EXERCISE INSTRUCTIONS:
Report the count of lines below in which the string "Definition" occurs; include nothing else.

■ ■ ■ ■ ■

(* The free algebra is only an [lalgType], so this is not an instance of [mulr_algr]. *)
Lemma scalar_comm (I : choiceType) (c : k) (y : FreeA k I) :
  c%:A * y = y * c%:A.
Proof.
have -> : c%:A = c%:MP :> FreeA k I.
  by apply/malgP => m; rewrite mcoeffZ mcoeff1 mcoeffC mulr_natr.
rewrite mul_malgC (monalgE y) mulr_suml scaler_sumr; apply: eq_bigr => m _.
by rewrite malgM_def fgmulUU mulm1 mulrC malgUZ [in RHS]malgUZ scalerA.
Qed.

Section Ext.
Variables (I J : choiceType) (img : I -> FreeA k J).

Definition ext_monom (m : {fmonom I}) : FreeA k J := \prod_(i <- (m : seq I)) img i.

Lemma ext_monom_is_mmorphism : mmorphism ext_monom.
Proof.
split; last by rewrite /ext_monom fm1 big_nil.
by move=> m1 m2; rewrite /ext_monom fmM big_cat.
Qed.

HB.instance Definition _ :=
  monalg.isMultiplicative.Build _ _ ext_monom ext_monom_is_mmorphism.

Lemma extE : ext img = mmap (in_alg (FreeA k J)) ext_monom.
Proof. by []. Qed.

Lemma ext_is_additive : additive (ext img).
Proof. rewrite extE; exact: mmap_is_additive. Qed.

HB.instance Definition _ := GRing.isAdditive.Build _ _ (ext img) ext_is_additive.

Lemma ext_is_multiplicative : multiplicative (ext img).
Proof.
rewrite extE; apply: commr_mmap_is_multiplicative => g m m'.
by rewrite /GRing.comm /= scalar_comm.
Qed.

HB.instance Definition _ :=
  GRing.isMultiplicative.Build _ _ (ext img) ext_is_multiplicative.

Lemma ext_gen i : ext img (gen i) = img i.
Proof. by rewrite extE /gen mmapU /= /ext_monom fmU big_seq1 scale1r !mul1r. Qed.

(* Rewriting with [raddfD], [rmorphM], ... directly makes unification unfold [ext]. *)
Lemma ext0 : ext img 0 = 0. Proof. exact: raddf0. Qed.
Lemma extD x y : ext img (x + y) = ext img x + ext img y. Proof. exact: raddfD. Qed.
Lemma extB x y : ext img (x - y) = ext img x - ext img y. Proof. exact: raddfB. Qed.
Lemma ext1 : ext img 1 = 1. Proof. exact: rmorph1. Qed.
Lemma extM x y : ext img (x * y) = ext img x * ext img y. Proof. exact: rmorphM. Qed.

Lemma ext_sum (T : Type) (r : seq T) (P : pred T) (F : T -> FreeA k I) :
  ext img (\sum_(i <- r | P i) F i) = \sum_(i <- r | P i) ext img (F i).
Proof. exact: raddf_sum. Qed.

Lemma ext_prod (T : Type) (r : seq T) (P : pred T) (F : T -> FreeA k I) :
  ext img (\prod_(i <- r | P i) F i) = \prod_(i <- r | P i) ext img (F i).
Proof. exact: rmorph_prod. Qed.

Lemma extZ c x : ext img (c *: x) = c *: ext img x.
Proof.
rewrite -mul_malgC rmorphM /= -mulr_algl; congr (_ * _).
by rewrite extE mmapU /ext_monom fm1 big_nil mulr1.
Qed.

End Ext.

Lemma eq_ext (I J : choiceType) (f g : I -> FreeA k J) : f =1 g -> ext f =1 ext g.
Proof.
move=> fg; elim/free_alg_ind => [|x y Hx Hy|c x Hx||x y Hx Hy|i].
- by rewrite !ext0.
- by rewrite !extD Hx Hy.
- by rewrite !extZ Hx.
- by rewrite !ext1.
- by rewrite !extM Hx Hy.
- by rewrite !ext_gen.
Qed.

Lemma ext_comp (I J L : choiceType) (f : I -> FreeA k J) (g : J -> FreeA k L) x :
  ext g (ext f x) = ext (fun i => ext g (f i)) x.
Proof.
elim/free_alg_ind: x => [|x y Hx Hy|c x Hx||x y Hx Hy|i].
- by rewrite (ext0 f) !ext0.
- by rewrite (extD f) (extD g) extD; congr (_ + _); [exact: Hx | exact: Hy].
- by rewrite (extZ f) (extZ g) extZ; congr (_ *: _); exact: Hx.
- by rewrite (ext1 f) !ext1.
- by rewrite (extM f) (extM g) extM; congr (_ * _); [exact: Hx | exact: Hy].
- by rewrite (ext_gen f) ext_gen.
Qed.

Lemma ext_commutator (I J : choiceType) (f : I -> FreeA k J) i j :
  ext f (gen i * gen j - gen j * gen i) = f i * f j - f j * f i.
Proof. by rewrite extB; congr (_ - _); rewrite extM; congr (_ * _); exact: ext_gen. Qed.

Section Ideal.
Variables (I : choiceType) (R : FreeA k I -> Prop).
Local Notation J := (ideal_gen R).

Lemma ideal_gen0 : J 0.
Proof. by exists [::]; split => //; rewrite big_nil. Qed.

Lemma ideal_genD x y : J x -> J y -> J (x + y).
Proof.
move=> [s1 [H1 ->]] [s2 [H2 ->]]; exists (s1 ++ s2); split; last by rewrite big_cat.
by move=> t; rewrite mem_cat => /orP [/H1|/H2].
Qed.

Lemma ideal_genMl a x : J x -> J (a * x).
Proof.
move=> [s [H ->]]; exists [seq (a * t.1.1, t.1.2, t.2) | t <- s]; split.
  by move=> t /mapP [t' /H Ht' ->].
by rewrite big_map mulr_sumr; apply: eq_bigr => t _; rewrite !mulrA.
Qed.

Lemma ideal_genMr x a : J x -> J (x * a).
Proof.
move=> [s [H ->]]; exists [seq (t.1.1, t.1.2, t.2 * a) | t <- s]; split.
  by move=> t /mapP [t' /H Ht' ->].
by rewrite big_map mulr_suml; apply: eq_bigr => t _; rewrite mulrA.
Qed.

Lemma ideal_gen_rel r : R r -> J r.
Proof.
move=> Hr; exists [:: (1, r, 1)]; split; last by rewrite big_seq1 mul1r mulr1.
by move=> t; rewrite inE => /eqP ->.
Qed.

Lemma ideal_gen_sum (T : Type) (r : seq T) (P : pred T) (F : T -> FreeA k I) :
  (forall i, P i -> J (F i)) -> J (\sum_(i <- r | P i) F i).
Proof. by move=> H; apply: big_ind => //; [exact: ideal_gen0 | exact: ideal_genD]. Qed.

Definition eq_mod x y := J (x - y).

End Ideal.

Lemma ideal_gen_ext (I J : choiceType) (R : FreeA k I -> Prop) (R' : FreeA k J -> Prop)
    (f : I -> FreeA k J) :
  (forall r, R r -> ideal_gen R' (ext f r)) ->
  forall x, ideal_gen R x -> ideal_gen R' (ext f x).
Proof.
move=> H x [s [Hs ->]]; rewrite ext_sum big_seq; apply: ideal_gen_sum => t ts.
by rewrite !extM; apply: ideal_genMr; apply: ideal_genMl; apply: H; apply: Hs.
Qed.

End FreeAlgebra.

(** * Congruences on rings *)

Record congruence (T : nzRingType) (E : T -> T -> Prop) : Prop := Congruence {
  congr_refl : forall x, E x x;
  congr_sym : forall x y, E x y -> E y x;
  congr_trans : forall x y z, E x y -> E y z -> E x z;
  congr_add : forall x x' y y', E x x' -> E y y' -> E (x + y) (x' + y');
  congr_mul : forall x x' y y', E x x' -> E y y' -> E (x * y) (x' * y')
}.

Lemma eq_mod_congruence (k : fieldType) (I : choiceType) (R : FreeA k I -> Prop) :
  congruence (eq_mod R).
Proof.
rewrite /eq_mod; split => [x|x y H|x y z H1 H2|x x' y y' H1 H2|x x' y y' H1 H2].
- by rewrite subrr; exact: ideal_gen0.
- by rewrite -opprB -mulN1r; apply: ideal_genMl.
- by rewrite -[x](subrK y) -addrA; apply: ideal_genD.
- by rewrite opprD addrACA; apply: ideal_genD.
- have -> : x * y - x' * y' = (x - x') * y + x' * (y - y').
    by rewrite mulrBl mulrBr addrA subrK.
  by apply: ideal_genD; [apply: ideal_genMr | apply: ideal_genMl].
Qed.

Section Congruence.
Variables (T : nzRingType) (E : T -> T -> Prop) (HE : congruence E).

Lemma congr_eq x y : x = y -> E x y.
Proof. by move=> ->; apply: (congr_refl HE). Qed.

Lemma congr_mull a x y : E x y -> E (a * x) (a * y).
Proof. by move=> H; apply: (congr_mul HE) => //; apply: (congr_refl HE). Qed.

Lemma congr_mulr a x y : E x y -> E (x * a) (y * a).
Proof. by move=> H; apply: (congr_mul HE) => //; apply: (congr_refl HE). Qed.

■ ■ ■ ■ ■

ANSWER SECTION:
5